The central (2-sided) 95% Clopper-Pearson CI for the probability of undertriage according to panel A is 7.22% to 9.40%. The central (2-sided) 95% Clopper-Pearson CI for the probability of overtriage according to panel A (450 cases, 17.69%) is 16.23% to 19.24%.

For the 50 out of 2543 cases that were undertriaged according to the judgments of panels A and B, the central (2-sided) 95% Clopper-Pearson CI for the corresponding probability is 1.539% to 2.688%.

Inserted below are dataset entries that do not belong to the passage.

(* Let $p$ be a prime and let $G$ be a $1$-tuple regular finite group of exponent $p^s$ for some $s\in\mathbb{N}$. For all nontrivial $a,b\in G$ we have $\operatorname{ord}([a,b])<\min\{\operatorname{ord}(a),\operatorname{ord}(b)\}$. In particular, if $p$ is odd, then $G$ is a powerful $p$-group.
   Context: $[a,b]=aba^{-1}b^{-1}$. A finite $p$-group $G$ is powerful if $p$ is odd and $G'\subseteq\mho^1(G)$, or $p=2$ and $G'\subseteq\mho^2(G)$, where $\mho^i(G)$ is generated by the $p^i$-th powers. A finite group $G$ is $1$-tuple regular if for all $g_1,h_1\in G$ of the same order there is a bijection $\Psi\colon G\to G$ such that for every $g\in G$ the assignment $g_1\mapsto h_1, g\mapsto\Psi(g)$ defines an isomorphism $\langle g_1,g\rangle\to\langle h_1,\Psi(g)\rangle$. *)

From mathcomp Require Import all_boot all_fingroup all_solvable.
Set Implicit Arguments.
Unset Strict Implicit.
Unset Printing Implicit Defensive.
Import GroupScope.
Local Open Scope group_scope.

(* Paper's commutator convention: [a,b] = a b a^-1 b^-1. *)
Definition comm_ab (gT : finGroupType) (a b : gT) : gT := a * b * a^-1 * b^-1.

Definition mho (gT : finGroupType) (p i : nat) (G : {set gT}) : {set gT} :=
  <<[set x ^+ (p ^ i) | x in G]>>.

Definition powerful (gT : finGroupType) (p : nat) (G : {set gT}) : Prop :=
  if odd p then [~: G, G] \subset mho p 1 G
  else [~: G, G] \subset mho p 2 G.

Definition one_tuple_regular (gT : finGroupType) : Prop :=
  forall g1 h1 : gT, #[g1] = #[h1] ->
    exists Psi : gT -> gT, bijective Psi /\
      forall g : gT,
        exists f : {morphism <<[set g1; g]>> >-> gT},
          isom <<[set g1; g]>> <<[set h1; Psi g]>> f /\
          f g1 = h1 /\ f g = Psi g.

From mathcomp Require Import all_boot all_fingroup all_solvable.
Set Implicit Arguments.
Unset Strict Implicit.
Unset Printing Implicit Defensive.
Local Open Scope group_scope.

(* In a 1-tuple regular group elements of equal order behave alike in every
   two-generator subgroup.  Hence which orders the commutators [x, _] take
   depends only on the order of x, so every term Z_n of the upper central
   series is a union of order classes.  If a lies in Z_(n+1) but not in Z_n,
   then [a, b] lies in Z_n; in a p-group a commutator of order at least ord(a)
   would have a power of order exactly ord(a) in Z_n, forcing a into Z_n.
   Likewise an element c of order below the exponent has the order of some
   power x^(kp), and regularity maps x^(kp) to c, so c is a p-th power. *)

Lemma mem_gen_pair (gT : finGroupType) (x y : gT) :
  x \in <<[set x; y]>> /\ y \in <<[set x; y]>>.
Proof. by split; apply: mem_gen; rewrite !inE eqxx ?orbT. Qed.

Section PGroupOrders.

Variables (gT : finGroupType) (p : nat) (G : {group gT}).
Hypotheses (p_pr : prime p) (pG : p.-group G).

Lemma pgroup_exists_power_of_order x y : x \in G -> y \in G ->
  (#[x] <= #[y])%N -> exists k, #[y ^+ k] = #[x].
Proof.
move=> Gx Gy; have [i oxi] := p_natP (mem_p_elt pG Gx).
have [j oyj] := p_natP (mem_p_elt pG Gy).
rewrite oxi oyj leq_exp2l ?prime_gt1 // => le_ij.
by exists (p ^ (j - i))%N; rewrite (orderXexp _ oyj) subKn.
Qed.

Lemma pgroup_ltn_order_leq_expp x y : x \in G -> y \in G ->
  (#[x] < #[y])%N -> (#[x] <= #[y ^+ p])%N.
Proof.
move=> Gx Gy; have [i oxi] := p_natP (mem_p_elt pG Gx).
have [j oyj] := p_natP (mem_p_elt pG Gy).
have p_gt1 := prime_gt1 p_pr.
rewrite -[p in y ^+ p]expn1 (orderXexp _ oyj) oxi oyj !leq_exp2l //.
rewrite ltn_exp2l // => lt_ij.
by rewrite -ltnS subn1 prednK // (leq_ltn_trans _ lt_ij).
Qed.

End PGroupOrders.

Section OneTupleRegular.

Variable gT : finGroupType.
Hypothesis reg : one_tuple_regular gT.

Lemma regular_order_commg (x y h : gT) : #[x] = #[y] ->
  exists g, #[[~ y, h]] = #[[~ x, g]].
Proof.
move=> oxy; have [Psi [[Phi _ PhiK] HPsi]] := reg oxy.
exists (Phi h); rewrite -{1}(PhiK h).
have [f [isof [fx fg]]] := HPsi (Phi h).
have [Dx Dg] := mem_gen_pair x (Phi h).
by rewrite -fx -fg -morphR // order_injm ?groupR // (isom_inj isof).
Qed.

Lemma regular_root_of_order (x c : gT) k :
  #[x ^+ k] = #[c] -> exists y, c = y ^+ k.
Proof.
move=> oxc; have [Psi [_ HPsi]] := reg oxc.
have [f [_ [fxk fx]]] := HPsi x.
have [_ Dx] := mem_gen_pair (x ^+ k) x.
by exists (Psi x); rewrite -fxk morphX ?fx.
Qed.

Lemma ucnS_commP n (x : gT) :
  reflect (forall g, [~ x, g] \in 'Z_n([set: gT])) (x \in 'Z_n.+1([set: gT])).
Proof.
rewrite ucnSnR inE in_setT gen_subG.
apply: (iffP subsetP) => [Zx g | Zx _ /imset2P[_ g /set1P-> _ ->] //].
by apply: Zx; apply: imset2_f; rewrite ?inE.
Qed.

Lemma regular_ucn_order_closed n (x y : gT) :
  x \in 'Z_n([set: gT]) -> #[x] = #[y] -> y \in 'Z_n([set: gT]).
Proof.
elim: n x y => [|n IHn] x y.
  by rewrite ucn0 !inE -!order_eq1 => /eqP o1 <-; rewrite o1.
move=> /ucnS_commP Zx oxy; apply/ucnS_commP => h.
have [g oxg] := regular_order_commg h oxy.
exact: IHn (Zx g) _.
Qed.

Variable p : nat.
Hypotheses (p_pr : prime p) (pG : p.-group [set: gT]).

Lemma regular_order_commg_lt (a b : gT) : a != 1 -> (#[[~ a, b]] < #[a])%N.
Proof.
move=> nt_a; have [m Zm] := ucnP _ (pgroup_nil pG).
have inZ : exists n, a \in 'Z_n([set: gT]) by exists m; rewrite Zm inE.
case: (ex_minnP inZ) => [[|n]]; first by rewrite ucn0 inE (negbTE nt_a).
move=> /ucnS_commP Za min_n; have Zab := Za b.
rewrite ltnNge; apply/negP.
case/(pgroup_exists_power_of_order p_pr pG (in_setT a) (in_setT _)) => k ok.
have := min_n n (regular_ucn_order_closed (groupX k Zab) ok).
by rewrite ltnn.
Qed.

Lemma regular_order_lt_exponent_mho (c : gT) :
  (#[c] < exponent [set: gT])%N -> c \in mho p 1 [set: gT].
Proof.
have [x _ ->] := exponent_witness (pgroup_nil pG) => lt_cx.
have [k ok] := pgroup_exists_power_of_order p_pr pG (in_setT c) (in_setT _)
  (pgroup_ltn_order_leq_expp p_pr pG (in_setT c) (in_setT x) lt_cx).
rewrite -expgM mulnC in ok; have [y ->] := regular_root_of_order ok.
rewrite expgM; apply: mem_gen; apply/imsetP.
by exists (y ^+ k); rewrite ?inE ?expn1.
Qed.

End OneTupleRegular.

Lemma comm_abE (gT : finGroupType) (a b : gT) : comm_ab a b = [~ a^-1, b^-1].
Proof. by rewrite /comm_ab commgEl conjgE !invgK !mulgA. Qed.

Lemma invg_comm_ab (gT : finGroupType) (a b : gT) :
  (comm_ab a b)^-1 = comm_ab b a.
Proof. by rewrite /comm_ab !invMg !invgK !mulgA. Qed.

Theorem lemma4p4 (gT : finGroupType) (p s : nat) :
  prime p ->
  one_tuple_regular gT ->
  exponent [set: gT] = (p ^ s)%N ->
  (forall a b : gT, a != 1 -> b != 1 ->
     (#[comm_ab a b] < minn #[a] #[b])%N) /\
  (odd p -> p.-group [set: gT] /\ powerful p [set: gT]).
Proof.
move=> p_pr reg expG.
have pG : p.-group [set: gT] by rewrite -pnat_exponent expG pnatX pnat_id.
have order_comm_ab_lt (a b : gT) : a != 1 -> (#[comm_ab a b] < #[a])%N.
  rewrite comm_abE -(orderV a) -eq_invg1.
  exact: (regular_order_commg_lt reg p_pr pG).
split=> [a b nt_a nt_b | odd_p].
  by rewrite leq_min order_comm_ab_lt // -invg_comm_ab orderV order_comm_ab_lt.
split=> //; rewrite /powerful odd_p gen_subG.
apply/subsetP=> _ /imset2P[x y _ _ ->].
have [->|nt_x] := eqVneq x 1; first by rewrite comm1g group1.
apply: regular_order_lt_exponent_mho => //.
apply: leq_trans (regular_order_commg_lt reg p_pr pG y nt_x) _.
by rewrite dvdn_leq ?exponent_gt0 ?dvdn_exponent ?inE.
Qed.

The central (2-sided) 95% Clopper-Pearson CI for the probability of a potentially hazardous undertriage for the consensus criterion (0 out of 2543 cases) is 0% to 0.1458% and 0.0431% to 0.4045%, according to the majority criterion (4 out of 2543 cases).


Principal Findings

Our study corroborates the safety of the SMASS pathfinder symptom-checker for medical self-assessment of acute complaints in a real-life clinical setting. A stepwise evaluation of 2543 consecutive patients by 3 independent expert panels yielded no cases of potentially hazardous undertriage when the consensus criterion was applied and 4 cases when the majority criterion was applied.

In a systematic literature search, we found insufficient evidence from comparatively small studies for the safe use of symptom-checkers in clinical routine (Demurtas et al, unpublished data, 2021). Further, 1 study with 825 patients showing “exactly matched” triage in 52.6% has been published in abstract form only [15]. Another study yielded correct triage in only 50%-74% of cases [16]. A third study, from Germany, evaluated the safety of urgency advice provided to 378 patients at an interdisciplinary ED by a symptom-checker [17], showing undertriage in 34 (8.9%) and overtriage in 216 (57.1%) cases. A potentially hazardous situation was identified in 20 (5.3%) cases. This figure appears considerably higher than our finding, although an interrater variability was not taken into account in the German study. Another study aimed to analyze the performance of a clinical decision support system that allowed patients to self-triage in the ED of a university hospital. The authors concluded that the self-triage device was safe, as the assessments by the system and the physicians were congruent concerning the classification as an emergency. However, in contrast to our study, the risk to life or health was not assessed [18].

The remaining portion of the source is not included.